Friday, 22 July 2022
The Russia-Ukraine grain deal is the first and hopefully not the last bit of good news
One has to look for silver linings in all the black clouds of war and misery and violence and global warming and rocketing cost of living and the prospect of Liz Truss becoming the next prime minister in the UK. The grain deal between Russia and Ukraine, brokered by Turkey and the UN, is definitely a silver lining. And who knows, maybe it's the first and not necessarily the last bit of good news to come the world's way over the next few weeks.
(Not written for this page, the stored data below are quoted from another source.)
(* Let $p,q,e$ be positive integers and $n>1$ an integer. If $(x,y)\in\mathbb{Z}_{2^e}^2$ lies on a cycle of length $n$ of the Cat map over $\mathbb{Z}_{2^e}$, then $$(G_n-2)\,x\equiv 0\pmod{2^e}\quad\text{and}\quad (G_n-2)\,y\equiv 0\pmod{2^e}.$$
   Context: $\mathbf{C}=\begin{bmatrix}1 & p\\ q & 1+pq\end{bmatrix}$; the Cat map over $\mathbb{Z}_{2^e}$ is the bijection $v\mapsto\mathbf{C}v\bmod 2^e$ of $\mathbb{Z}_{2^e}^2$; a point lies on a cycle of length $n$ if $n$ is the least positive integer with $\mathbf{C}^nv\equiv v\pmod{2^e}$. $A=pq+2$, $B=\sqrt{A^2-4}$, $G_n=\left(\frac{A+B}{2}\right)^n+\left(\frac{A-B}{2}\right)^n$ (an integer). *)

From mathcomp Require Import all_boot all_order all_algebra.
Set Implicit Arguments. Unset Strict Implicit. Unset Printing Implicit Defensive.
Import Order.TTheory GRing.Theory Num.Theory.
Local Open Scope ring_scope.

(* Cat map C = [[1, p], [q, 1 + p q]] acting on integer column vectors (x, y). *)
Definition cat_step (p q : int) (v : int * int) : int * int :=
  (v.1 + p * v.2, q * v.1 + (1 + p * q) * v.2).

Definition cat_iter (p q : int) (n : nat) (v : int * int) : int * int :=
  iter n (cat_step p q) v.

Definition vcong (m : int) (u v : int * int) : Prop :=
  (u.1 = v.1 %[mod m])%Z /\ (u.2 = v.2 %[mod m])%Z.

Definition on_cycle_of_length (p q : int) (e n : nat) (v : int * int) : Prop :=
  (0 < n)%N /\ vcong (2 ^+ e) (cat_iter p q n v) v /\
  (forall k : nat, (0 < k < n)%N -> ~ vcong (2 ^+ e) (cat_iter p q k v) v).

(* G_n = ((A+B)/2)^n + ((A-B)/2)^n with A = pq + 2, B = sqrt(A^2 - 4).
   Since (A±B)/2 are the roots of t^2 - A t + 1, G_n is the integer sequence
   G_0 = 2, G_1 = A, G_(k+2) = A G_(k+1) - G_k. *)
Fixpoint Gpair (A : int) (n : nat) : int * int :=
  match n with
  | 0%N => (2, A)
  | k.+1 => let g := Gpair A k in (g.2, A * g.2 - g.1)
  end.

Definition G (p q : int) (n : nat) : int := (Gpair (p * q + 2) n).1.

(** The n-th power [M] of the Cat matrix has determinant 1 and trace [G_n].
   If [M v = v (mod 2^e)], multiply [(M - 1) v = 0] by the adjugate of
   [M - 1]: this gives [det (M - 1) v = 0], and for a 2x2 matrix of
   determinant 1 we have [det (M - 1) = 2 - tr M]. *)

From mathcomp Require Import all_boot all_order all_algebra.
From mathcomp Require Import ring.
Import Order.TTheory GRing.Theory Num.Theory.
Local Open Scope ring_scope.

Record mx22 := Mx22 { m11 : int; m12 : int; m21 : int; m22 : int }.

Definition mx22_one := Mx22 1 0 0 1.

Definition mx22_mul (M N : mx22) : mx22 :=
  Mx22 (m11 M * m11 N + m12 M * m21 N) (m11 M * m12 N + m12 M * m22 N)
       (m21 M * m11 N + m22 M * m21 N) (m21 M * m12 N + m22 M * m22 N).

Definition mx22_act (M : mx22) (v : int * int) : int * int :=
  (m11 M * v.1 + m12 M * v.2, m21 M * v.1 + m22 M * v.2).

Definition det22 (M : mx22) : int := m11 M * m22 M - m12 M * m21 M.

Definition tr22 (M : mx22) : int := m11 M + m22 M.

Lemma mx22_act_mul M N v : mx22_act (mx22_mul M N) v = mx22_act M (mx22_act N v).
Proof. by case: M N => [a b c d] [a' b' c' d']; rewrite /mx22_act /=; congr pair; ring. Qed.

Lemma det22_mul M N : det22 (mx22_mul M N) = det22 M * det22 N.
Proof. by case: M N => [a b c d] [a' b' c' d']; rewrite /det22 /=; ring. Qed.

Lemma tr22_mul_cayley_hamilton C M :
  tr22 (mx22_mul C (mx22_mul C M)) =
  tr22 C * tr22 (mx22_mul C M) - det22 C * tr22 M.
Proof. by case: C M => [a b c d] [a' b' c' d']; rewrite /tr22 /det22 /=; ring. Qed.

Lemma fixed_mod_det1 (m : int) M (v : int * int) :
  det22 M = 1 -> vcong m (mx22_act M v) v ->
  ((tr22 M - 2) * v.1 = 0 %[mod m])%Z /\ ((tr22 M - 2) * v.2 = 0 %[mod m])%Z.
Proof.
case: M v => [a b c d] [x y]; rewrite /det22 /tr22 /mx22_act /vcong /= => det1.
move=> [/eqP + /eqP]; rewrite !eqz_mod_dvd => dvd1 dvd2.
have -> : a + d - 2 = a + d - 1 - (a * d - b * c) by rewrite det1; ring.
split; apply/eqP; rewrite eqz_mod_dvd subr0.
- have -> : (a + d - 1 - (a * d - b * c)) * x =
            (1 - d) * (a * x + b * y - x) + b * (c * x + d * y - y) by ring.
  by rewrite rpredD // dvdz_mull.
- have -> : (a + d - 1 - (a * d - b * c)) * y =
            (1 - a) * (c * x + d * y - y) + c * (a * x + b * y - x) by ring.
  by rewrite rpredD // dvdz_mull.
Qed.

Definition cat_mx (p q : int) := Mx22 1 p q (1 + p * q).

Definition cat_pow (p q : int) (n : nat) : mx22 := iter n (mx22_mul (cat_mx p q)) mx22_one.

Lemma det_cat_mx p q : det22 (cat_mx p q) = 1.
Proof. by rewrite /det22 /=; ring. Qed.

Lemma tr_cat_mx p q : tr22 (cat_mx p q) = p * q + 2.
Proof. by rewrite /tr22 /=; ring. Qed.

Lemma cat_iterE p q n v : cat_iter p q n v = mx22_act (cat_pow p q n) v.
Proof.
elim: n => [|n IH] /=; first by case: v => x y; rewrite /mx22_act /=; congr pair; ring.
by rewrite IH mx22_act_mul /cat_step /mx22_act /= !mul1r.
Qed.

Lemma det_cat_pow p q n : det22 (cat_pow p q n) = 1.
Proof.
elim: n => [|n IH]; first by rewrite /det22 /=; ring.
by rewrite /= det22_mul IH det_cat_mx mulr1.
Qed.

Lemma G_tr_cat_pow p q n : G p q n = tr22 (cat_pow p q n).
Proof.
rewrite /G; suff -> : Gpair (p * q + 2) n = (tr22 (cat_pow p q n), tr22 (cat_pow p q n.+1)) by [].
elim: n => [|n IH]; first by rewrite /tr22 /=; congr pair; ring.
by rewrite /= IH /= tr22_mul_cayley_hamilton det_cat_mx tr_cat_mx mul1r.
Qed.

Theorem lemma7 (p q : int) (e n : nat) (x y : int) :
  0 < p -> 0 < q -> (0 < e)%N -> (1 < n)%N ->
  on_cycle_of_length p q e n (x, y) ->
  ((G p q n - 2) * x = 0 %[mod 2 ^+ e])%Z /\
  ((G p q n - 2) * y = 0 %[mod 2 ^+ e])%Z.
Proof.
move=> _ _ _ _ [_ [fixed _]].
rewrite G_tr_cat_pow.
by move: fixed; rewrite cat_iterE; apply: fixed_mod_det1; apply: det_cat_pow.
Qed.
More than 20 million tons of grain sitting in silos in Odesa can now be offloaded into tankers and shipped off to the needy world, boosting Ukraine's economy and saving millions in Africa, South America and elsewhere from starvation. Actually the first bit of good news, to be accurate, was the decision by Putin to switch back on the gas flow from the Nord Stream pipeline into Europe, after a maintenance shutdown period. Europe, especially Germany, was hugely relieved and, secretly thankful to Putin. The Russian leader is nothing if not clever. He is playing a massively complex, tricky and astute game here. First he gets his foreign minister Sergei Lavrov to hint that he wants a lot more Ukrainian territory than just the east and blames the US because of its delivery of heavweight artillery to Ukraine, then he switches the Nord Stream back on and approves the grain deal to prove to the world that he cares about the starving Africans. Now no one knows, probably not even the very clever Bill Burns, CIA director, what Putin might do next. Will it be another positive move or will he launch an even more intensive attack in Ukraine once his troops have had time to regroup and resupply? For the moment Putin will feel he is basking in the unspoken approval of the West over the grain deal. Putin doesn't care about the West's approval as such but what he does want to do is sow uncertainty and misgivings and disunity in the Nato alliance so that at some point one of the alliance members, probably Turkey, will say to Washington: "Hey stop sending these Himars rockets to Ukraine, it's not helping to bring the war to an end." Yes, Putin knows what he is doing. Step by step he is playing and winning the chess game. But he also knows he is not winning the war, or at least not achieving what he had originally set out to do. So expect more carrot and stick diplomacy from the Kremlin.